王喜軍的語氣雖然帶着責備的意味,可話裏的意思卻有着一絲親近,孫校長那是外人,叫的時候便顯得生疏了很多,而對魏思賢,王喜軍的稱呼則變成了小魏,這關係一下子就拉近了不少。
這話也是故意說給錢一飛聽的,希望他可以手下留情,不要遷怒於魏思賢。
錢一飛也是個聰明人,自然聽出了王喜軍話裏的意思,可對於魏思賢這種不分青紅皁白一味維護自己親人的舉動,錢一飛很是不爽,要是當官的都這樣,那豈不是要誤了很多孩子的未來。
尤其他這個乾女兒還是孟瑤這樣的小太妹,這次放過魏思賢,下次就不知道是誰家的孩子倒黴了。

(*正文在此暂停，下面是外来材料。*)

(* The abelian groups in $\mathcal{D}_1$ are exactly the cyclic groups of order $p^2$ with $p$ prime. The nonabelian groups in $\mathcal{D}_1$ are exactly the Frobenius groups of order $pq$ with $p,q$ primes.
   Context: All groups are finite. $\mathcal{D}(G)$ denotes the number of conjugacy classes of nontrivial subgroups $H$ of $G$ with $N_G(H)\neq H$; $\mathcal{D}_n$ is the family of finite groups $G$ with $\mathcal{D}(G)=n$. *)

From mathcomp Require Import all_boot all_fingroup all_solvable.
Set Implicit Arguments. Unset Strict Implicit. Unset Printing Implicit Defensive.
Local Open Scope group_scope.

Definition nonselfnorm_subgroups (gT : finGroupType) (G : {set gT}) : {set {set gT}} :=
  [set H : {set gT} | [&& group_set H, H \subset G, H != 1 & 'N_G(H) != H]].

Definition calD (gT : finGroupType) (G : {set gT}) : nat :=
  #| [set H :^: G | H in nonselfnorm_subgroups G] |.

From mathcomp Require Import all_boot all_fingroup all_solvable.
From mathcomp Require vcharacter.
Set Implicit Arguments. Unset Strict Implicit. Unset Printing Implicit Defensive.
Local Open Scope group_scope.

(* If calD G = 1 then all non-self-normalizing subgroups are conjugate, hence of
   equal order.  In an abelian group they are the proper nontrivial subgroups,
   and a unique such subgroup forces G = <x> cyclic with <x^p> = <y> for y of
   prime order p, i.e. |G| = p^2.  In a p-group every proper subgroup is
   non-self-normalizing, so p-groups with calD = 1 have order at most p^2 and
   are abelian.  Hence a nonabelian G with calD G = 1 has an element y of prime
   order with <y> self-normalizing, and <y> is then a Frobenius complement; the
   Frattini argument makes the Sylow subgroups of the kernel K
   non-self-normalizing, so K is a p-group all of whose nontrivial subgroups
   have order |K|, i.e. |K| = p.  Conversely, in a Frobenius group of order pq
   the complements are self-normalizing Sylow subgroups, leaving the kernel as
   the only non-self-normalizing subgroup. *)

Lemma dvdn_mul_prime_eq p q d :
  0 < p -> prime q -> p %| d -> d %| p * q -> d < p * q -> d = p.
Proof.
move=> p_gt0 pr_q /dvdnP[e ->]; rewrite [(e * p)%N]mulnC dvdn_pmul2l // ltn_pmul2l //.
case/primeP: pr_q => _ /[apply] /orP[] /eqP-> //; first by rewrite muln1.
by rewrite ltnn.
Qed.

魏思賢平時跟王喜軍關係比較親近,此時也聽出了王喜軍偏袒的意思,急忙賠笑着說道:“我今天也是路過,得知我這個乾女兒被人欺負就過來看看,並沒有其他的想法。”
“小魏啊,這件事你辦的可不好,就算你沒有其他的想法,可你的身份擺在這兒,怎麼可以直接過來呢?對於這樣的事情,你的第一反應就是避嫌,這是作爲一個領導首先應該考慮到的。”王喜軍略有不滿的說道,話裏的意思顯然想大事化小,小事化無。
“是是是,王廳長您說的對,這件事是我有欠考慮,回去我一定會好好檢討自己,寫一份深刻的檢查給您。”魏思賢連連點頭稱是,臉色稍稍緩和了一些。
王喜軍話裏的意思魏思賢聽的明白,既然王喜軍已經這樣表態了,那說明自己應該沒事了,幸好他是王喜軍的人,不然的話今天鐵定要被擼下來了。
魏思賢心裏也暗暗鬆了口氣,這個錢一飛還真不是一般人,能讓王喜軍對孫校長做出如此的嚴懲,還在衆人面前狠狠的訓斥了自己一番,這在以前都是沒有過的事情,此人看來絕不簡單。
王喜軍和魏思賢一廂情願的以爲這件事就這麼結束了,可錢一飛卻不這麼想,就算王喜軍百般示意,錢一飛卻並沒有給他面子。
“王廳長,我覺得事情沒有這麼簡單吧?孫校長雖然有權決定一個學生的去留,但他做了這麼多年的校長孰輕孰重還是分的清楚,現在貿然這樣做,恐怕是得了某些人的授意吧?”錢一飛不屑的看了看魏思賢,雙手抱於胸前,淡淡的說道。
聞言,魏思賢的心再次提了起來,錢一飛死咬住他不放,看來是有心要把自己搞垮,魏思賢心中的恨意猛然升起,一臉戒備的看向錢一飛。
“這……一飛兄弟,小魏這件事做的確實有欠考慮,不過幸好沒有造成很大的影響,人非聖賢孰能無過,有錯就改還是可以原諒的,不如改天咱們一起喫個飯,讓小魏鄭重的給你道個歉,這件事咱們就這麼翻篇了,怎麼樣?”王喜軍賠笑着勸解道。
魏思賢可是王喜軍一手提拔起來的骨幹,在教育系統中的地位舉足輕重,爲自己也辦了不少事,相當於自己的左膀右臂,好不容易培養出來的人,哪能因爲這麼一件小事說撤就撤了。
可錢一飛又是錢家的人,王喜軍也得罪不起,說不得要在中間做個和事佬,將這件事化解一下。
“王廳長,您的意思我明白,可這口氣我無論如何也咽不下去,你知道這些人是怎麼狼狽爲奸陷害我妹妹的麼?要是我今天不來的話,這麼一個花樣年華的女生就會被這些利慾薰心的人給毀了,如果這樣的人還留在教育系統裏面,我覺得咱們Z市的教育前景實在堪憂,不知道還會有多少的學生就這樣被斷送了前程。”錢一飛十分認真嚴肅的說道。
“這……我知道一飛兄弟心裏的怒氣,要不這樣吧,咱們出去找個地邊喫邊聊,怎麼樣?”王喜軍笑着說道,在酒桌上大家和和氣氣的,再大的怨氣也該消了,不管是當官的還是經商的,一半的事都是在酒桌上說成,所以此刻王喜軍也只好使出這招了。
“別了,還是在這兒說清楚吧。”錢一飛擺了擺手說道,他哪能不知道王喜軍的心思,堅決的態度也表明瞭自己的立場。
隨後,錢一飛看向呆愣在原地的孫校長,說道:“孫校長,你也別發愣了,事情到了這個地步,我希望你可以把真相說出來,尤其是某些人的授意,哦,對了,提醒你一下,剛剛你被查辦嚴懲的時候,某些人可是一言未發,作壁上觀,難道這口氣你就咽得下去嗎?”